(Stored items from a collection)
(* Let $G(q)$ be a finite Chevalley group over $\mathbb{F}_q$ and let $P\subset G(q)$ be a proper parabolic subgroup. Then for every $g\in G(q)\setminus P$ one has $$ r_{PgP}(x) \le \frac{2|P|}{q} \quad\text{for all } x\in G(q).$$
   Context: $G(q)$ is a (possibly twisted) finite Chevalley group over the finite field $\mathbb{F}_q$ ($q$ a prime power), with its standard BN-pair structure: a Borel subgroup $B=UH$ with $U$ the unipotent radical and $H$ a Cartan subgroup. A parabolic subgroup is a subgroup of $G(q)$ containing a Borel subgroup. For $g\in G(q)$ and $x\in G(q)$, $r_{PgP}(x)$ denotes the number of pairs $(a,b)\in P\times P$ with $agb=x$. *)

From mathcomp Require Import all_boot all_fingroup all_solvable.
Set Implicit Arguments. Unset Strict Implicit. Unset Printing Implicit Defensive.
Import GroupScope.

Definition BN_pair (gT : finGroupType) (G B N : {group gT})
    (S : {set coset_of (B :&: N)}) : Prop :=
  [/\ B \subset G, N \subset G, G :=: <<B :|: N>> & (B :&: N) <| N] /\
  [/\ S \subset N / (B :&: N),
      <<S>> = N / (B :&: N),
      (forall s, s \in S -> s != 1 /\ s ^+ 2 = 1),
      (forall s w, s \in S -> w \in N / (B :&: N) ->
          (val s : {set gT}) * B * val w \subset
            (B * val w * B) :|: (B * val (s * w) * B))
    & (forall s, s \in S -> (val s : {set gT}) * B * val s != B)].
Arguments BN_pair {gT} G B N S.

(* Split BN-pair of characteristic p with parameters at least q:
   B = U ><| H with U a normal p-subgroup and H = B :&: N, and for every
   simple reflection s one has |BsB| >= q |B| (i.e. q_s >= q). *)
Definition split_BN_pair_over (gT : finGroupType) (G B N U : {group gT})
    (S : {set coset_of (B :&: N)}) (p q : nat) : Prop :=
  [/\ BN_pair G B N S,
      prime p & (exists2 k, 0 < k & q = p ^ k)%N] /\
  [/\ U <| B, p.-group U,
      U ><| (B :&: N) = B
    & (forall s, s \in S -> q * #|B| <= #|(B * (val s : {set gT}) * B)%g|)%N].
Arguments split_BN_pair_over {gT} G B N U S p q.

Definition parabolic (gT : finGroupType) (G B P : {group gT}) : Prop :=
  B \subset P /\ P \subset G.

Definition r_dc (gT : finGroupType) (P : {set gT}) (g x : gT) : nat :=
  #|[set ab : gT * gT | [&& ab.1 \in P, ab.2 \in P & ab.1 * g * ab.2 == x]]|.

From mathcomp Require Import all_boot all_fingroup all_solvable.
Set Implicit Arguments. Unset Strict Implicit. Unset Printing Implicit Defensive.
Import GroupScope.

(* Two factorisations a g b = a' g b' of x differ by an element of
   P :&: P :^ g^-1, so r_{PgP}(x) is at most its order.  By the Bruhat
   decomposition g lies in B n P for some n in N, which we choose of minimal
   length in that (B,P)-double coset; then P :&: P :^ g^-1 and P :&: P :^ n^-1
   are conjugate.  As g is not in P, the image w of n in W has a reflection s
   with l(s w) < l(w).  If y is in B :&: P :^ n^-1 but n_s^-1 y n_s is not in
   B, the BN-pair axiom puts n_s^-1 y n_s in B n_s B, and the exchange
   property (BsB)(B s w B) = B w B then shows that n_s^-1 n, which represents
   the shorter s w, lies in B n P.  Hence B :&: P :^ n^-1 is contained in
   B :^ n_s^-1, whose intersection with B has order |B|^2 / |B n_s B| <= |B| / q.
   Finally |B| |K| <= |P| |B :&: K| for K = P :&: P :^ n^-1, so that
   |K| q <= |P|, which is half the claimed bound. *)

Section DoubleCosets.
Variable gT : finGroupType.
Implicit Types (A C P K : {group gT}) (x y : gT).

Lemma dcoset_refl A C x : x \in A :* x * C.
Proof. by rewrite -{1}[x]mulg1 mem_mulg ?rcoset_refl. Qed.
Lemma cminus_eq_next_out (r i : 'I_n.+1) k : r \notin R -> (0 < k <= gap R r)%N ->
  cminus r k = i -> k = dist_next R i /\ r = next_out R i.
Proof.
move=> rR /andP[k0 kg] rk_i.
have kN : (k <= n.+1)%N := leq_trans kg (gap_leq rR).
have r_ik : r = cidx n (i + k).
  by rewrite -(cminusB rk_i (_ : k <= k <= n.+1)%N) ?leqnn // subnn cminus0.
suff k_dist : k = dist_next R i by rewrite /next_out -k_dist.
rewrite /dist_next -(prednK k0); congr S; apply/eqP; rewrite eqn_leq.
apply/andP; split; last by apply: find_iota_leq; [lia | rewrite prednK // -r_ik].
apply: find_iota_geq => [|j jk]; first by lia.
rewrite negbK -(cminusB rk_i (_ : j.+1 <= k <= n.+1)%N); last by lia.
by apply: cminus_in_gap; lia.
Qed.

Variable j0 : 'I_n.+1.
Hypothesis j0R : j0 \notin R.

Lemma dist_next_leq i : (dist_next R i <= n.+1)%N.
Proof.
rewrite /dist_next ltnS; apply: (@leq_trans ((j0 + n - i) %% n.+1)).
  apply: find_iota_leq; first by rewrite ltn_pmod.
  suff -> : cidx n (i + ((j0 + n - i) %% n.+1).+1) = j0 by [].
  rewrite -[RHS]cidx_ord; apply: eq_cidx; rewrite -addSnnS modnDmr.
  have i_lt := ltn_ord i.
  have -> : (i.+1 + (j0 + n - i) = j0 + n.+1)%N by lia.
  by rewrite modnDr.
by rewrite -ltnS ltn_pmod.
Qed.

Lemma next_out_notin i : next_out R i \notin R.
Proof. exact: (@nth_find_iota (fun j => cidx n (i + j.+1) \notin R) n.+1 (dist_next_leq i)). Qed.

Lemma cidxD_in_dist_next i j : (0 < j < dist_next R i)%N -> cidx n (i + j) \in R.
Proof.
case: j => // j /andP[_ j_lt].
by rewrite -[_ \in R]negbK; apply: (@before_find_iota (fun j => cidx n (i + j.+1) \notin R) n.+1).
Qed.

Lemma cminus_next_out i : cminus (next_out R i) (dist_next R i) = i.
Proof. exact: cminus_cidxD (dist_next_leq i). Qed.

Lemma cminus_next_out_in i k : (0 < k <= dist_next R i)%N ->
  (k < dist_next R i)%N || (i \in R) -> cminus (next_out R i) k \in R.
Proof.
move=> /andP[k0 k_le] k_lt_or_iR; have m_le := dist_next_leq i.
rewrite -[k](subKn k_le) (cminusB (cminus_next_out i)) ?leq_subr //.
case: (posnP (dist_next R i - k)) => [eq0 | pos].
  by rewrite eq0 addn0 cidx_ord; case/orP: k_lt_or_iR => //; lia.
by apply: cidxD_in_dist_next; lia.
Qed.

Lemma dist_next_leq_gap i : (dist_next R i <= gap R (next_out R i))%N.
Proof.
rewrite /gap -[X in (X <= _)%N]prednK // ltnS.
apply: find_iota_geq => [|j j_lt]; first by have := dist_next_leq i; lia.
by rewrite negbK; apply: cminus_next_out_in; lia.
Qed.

[Exercise directions]
Each line of the data should be transcribed exactly.

[Reply to the task]
(* Let $G(q)$ be a finite Chevalley group over $\mathbb{F}_q$ and let $P\subset G(q)$ be a proper parabolic subgroup. Then for every $g\in G(q)\setminus P$ one has $$ r_{PgP}(x) \le \frac{2|P|}{q} \quad\text{for all } x\in G(q).$$
   Context: $G(q)$ is a (possibly twisted) finite Chevalley group over the finite field $\mathbb{F}_q$ ($q$ a prime power), with its standard BN-pair structure: a Borel subgroup $B=UH$ with $U$ the unipotent radical and $H$ a Cartan subgroup. A parabolic subgroup is a subgroup of $G(q)$ containing a Borel subgroup. For $g\in G(q)$ and $x\in G(q)$, $r_{PgP}(x)$ denotes the number of pairs $(a,b)\in P\times P$ with $agb=x$. *)

From mathcomp Require Import all_boot all_fingroup all_solvable.
Set Implicit Arguments. Unset Strict Implicit. Unset Printing Implicit Defensive.
Import GroupScope.

Definition BN_pair (gT : finGroupType) (G B N : {group gT})
    (S : {set coset_of (B :&: N)}) : Prop :=
  [/\ B \subset G, N \subset G, G :=: <<B :|: N>> & (B :&: N) <| N] /\
  [/\ S \subset N / (B :&: N),
      <<S>> = N / (B :&: N),
      (forall s, s \in S -> s != 1 /\ s ^+ 2 = 1),
      (forall s w, s \in S -> w \in N / (B :&: N) ->
          (val s : {set gT}) * B * val w \subset
            (B * val w * B) :|: (B * val (s * w) * B))
    & (forall s, s \in S -> (val s : {set gT}) * B * val s != B)].
Arguments BN_pair {gT} G B N S.

(* Split BN-pair of characteristic p with parameters at least q:
   B = U ><| H with U a normal p-subgroup and H = B :&: N, and for every
   simple reflection s one has |BsB| >= q |B| (i.e. q_s >= q). *)
Definition split_BN_pair_over (gT : finGroupType) (G B N U : {group gT})
    (S : {set coset_of (B :&: N)}) (p q : nat) : Prop :=
  [/\ BN_pair G B N S,
      prime p & (exists2 k, 0 < k & q = p ^ k)%N] /\
  [/\ U <| B, p.-group U,
      U ><| (B :&: N) = B
    & (forall s, s \in S -> q * #|B| <= #|(B * (val s : {set gT}) * B)%g|)%N].
Arguments split_BN_pair_over {gT} G B N U S p q.

Definition parabolic (gT : finGroupType) (G B P : {group gT}) : Prop :=
  B \subset P /\ P \subset G.

Definition r_dc (gT : finGroupType) (P : {set gT}) (g x : gT) : nat :=
  #|[set ab : gT * gT | [&& ab.1 \in P, ab.2 \in P & ab.1 * g * ab.2 == x]]|.

From mathcomp Require Import all_boot all_fingroup all_solvable.
Set Implicit Arguments. Unset Strict Implicit. Unset Printing Implicit Defensive.
Import GroupScope.

(* Two factorisations a g b = a' g b' of x differ by an element of
   P :&: P :^ g^-1, so r_{PgP}(x) is at most its order.  By the Bruhat
   decomposition g lies in B n P for some n in N, which we choose of minimal
   length in that (B,P)-double coset; then P :&: P :^ g^-1 and P :&: P :^ n^-1
   are conjugate.  As g is not in P, the image w of n in W has a reflection s
   with l(s w) < l(w).  If y is in B :&: P :^ n^-1 but n_s^-1 y n_s is not in
   B, the BN-pair axiom puts n_s^-1 y n_s in B n_s B, and the exchange
   property (BsB)(B s w B) = B w B then shows that n_s^-1 n, which represents
   the shorter s w, lies in B n P.  Hence B :&: P :^ n^-1 is contained in
   B :^ n_s^-1, whose intersection with B has order |B|^2 / |B n_s B| <= |B| / q.
   Finally |B| |K| <= |P| |B :&: K| for K = P :&: P :^ n^-1, so that
   |K| q <= |P|, which is half the claimed bound. *)

Section DoubleCosets.
Variable gT : finGroupType.
Implicit Types (A C P K : {group gT}) (x y : gT).

Lemma dcoset_refl A C x : x \in A :* x * C.
Proof. by rewrite -{1}[x]mulg1 mem_mulg ?rcoset_refl. Qed.
Lemma cminus_eq_next_out (r i : 'I_n.+1) k : r \notin R -> (0 < k <= gap R r)%N ->
  cminus r k = i -> k = dist_next R i /\ r = next_out R i.
Proof.
move=> rR /andP[k0 kg] rk_i.
have kN : (k <= n.+1)%N := leq_trans kg (gap_leq rR).
have r_ik : r = cidx n (i + k).
  by rewrite -(cminusB rk_i (_ : k <= k <= n.+1)%N) ?leqnn // subnn cminus0.
suff k_dist : k = dist_next R i by rewrite /next_out -k_dist.
rewrite /dist_next -(prednK k0); congr S; apply/eqP; rewrite eqn_leq.
apply/andP; split; last by apply: find_iota_leq; [lia | rewrite prednK // -r_ik].
apply: find_iota_geq => [|j jk]; first by lia.
rewrite negbK -(cminusB rk_i (_ : j.+1 <= k <= n.+1)%N); last by lia.
by apply: cminus_in_gap; lia.
Qed.

Variable j0 : 'I_n.+1.
Hypothesis j0R : j0 \notin R.

Lemma dist_next_leq i : (dist_next R i <= n.+1)%N.
Proof.
rewrite /dist_next ltnS; apply: (@leq_trans ((j0 + n - i) %% n.+1)).
  apply: find_iota_leq; first by rewrite ltn_pmod.
  suff -> : cidx n (i + ((j0 + n - i) %% n.+1).+1) = j0 by [].
  rewrite -[RHS]cidx_ord; apply: eq_cidx; rewrite -addSnnS modnDmr.
  have i_lt := ltn_ord i.
  have -> : (i.+1 + (j0 + n - i) = j0 + n.+1)%N by lia.
  by rewrite modnDr.
by rewrite -ltnS ltn_pmod.
Qed.

Lemma next_out_notin i : next_out R i \notin R.
Proof. exact: (@nth_find_iota (fun j => cidx n (i + j.+1) \notin R) n.+1 (dist_next_leq i)). Qed.

Lemma cidxD_in_dist_next i j : (0 < j < dist_next R i)%N -> cidx n (i + j) \in R.
Proof.
case: j => // j /andP[_ j_lt].
by rewrite -[_ \in R]negbK; apply: (@before_find_iota (fun j => cidx n (i + j.+1) \notin R) n.+1).
Qed.

Lemma cminus_next_out i : cminus (next_out R i) (dist_next R i) = i.
Proof. exact: cminus_cidxD (dist_next_leq i). Qed.

Lemma cminus_next_out_in i k : (0 < k <= dist_next R i)%N ->
  (k < dist_next R i)%N || (i \in R) -> cminus (next_out R i) k \in R.
Proof.
move=> /andP[k0 k_le] k_lt_or_iR; have m_le := dist_next_leq i.
rewrite -[k](subKn k_le) (cminusB (cminus_next_out i)) ?leq_subr //.
case: (posnP (dist_next R i - k)) => [eq0 | pos].
  by rewrite eq0 addn0 cidx_ord; case/orP: k_lt_or_iR => //; lia.
by apply: cidxD_in_dist_next; lia.
Qed.

Lemma dist_next_leq_gap i : (dist_next R i <= gap R (next_out R i))%N.
Proof.
rewrite /gap -[X in (X <= _)%N]prednK // ltnS.
apply: find_iota_geq => [|j j_lt]; first by have := dist_next_leq i; lia.
by rewrite negbK; apply: cminus_next_out_in; lia.
Qed.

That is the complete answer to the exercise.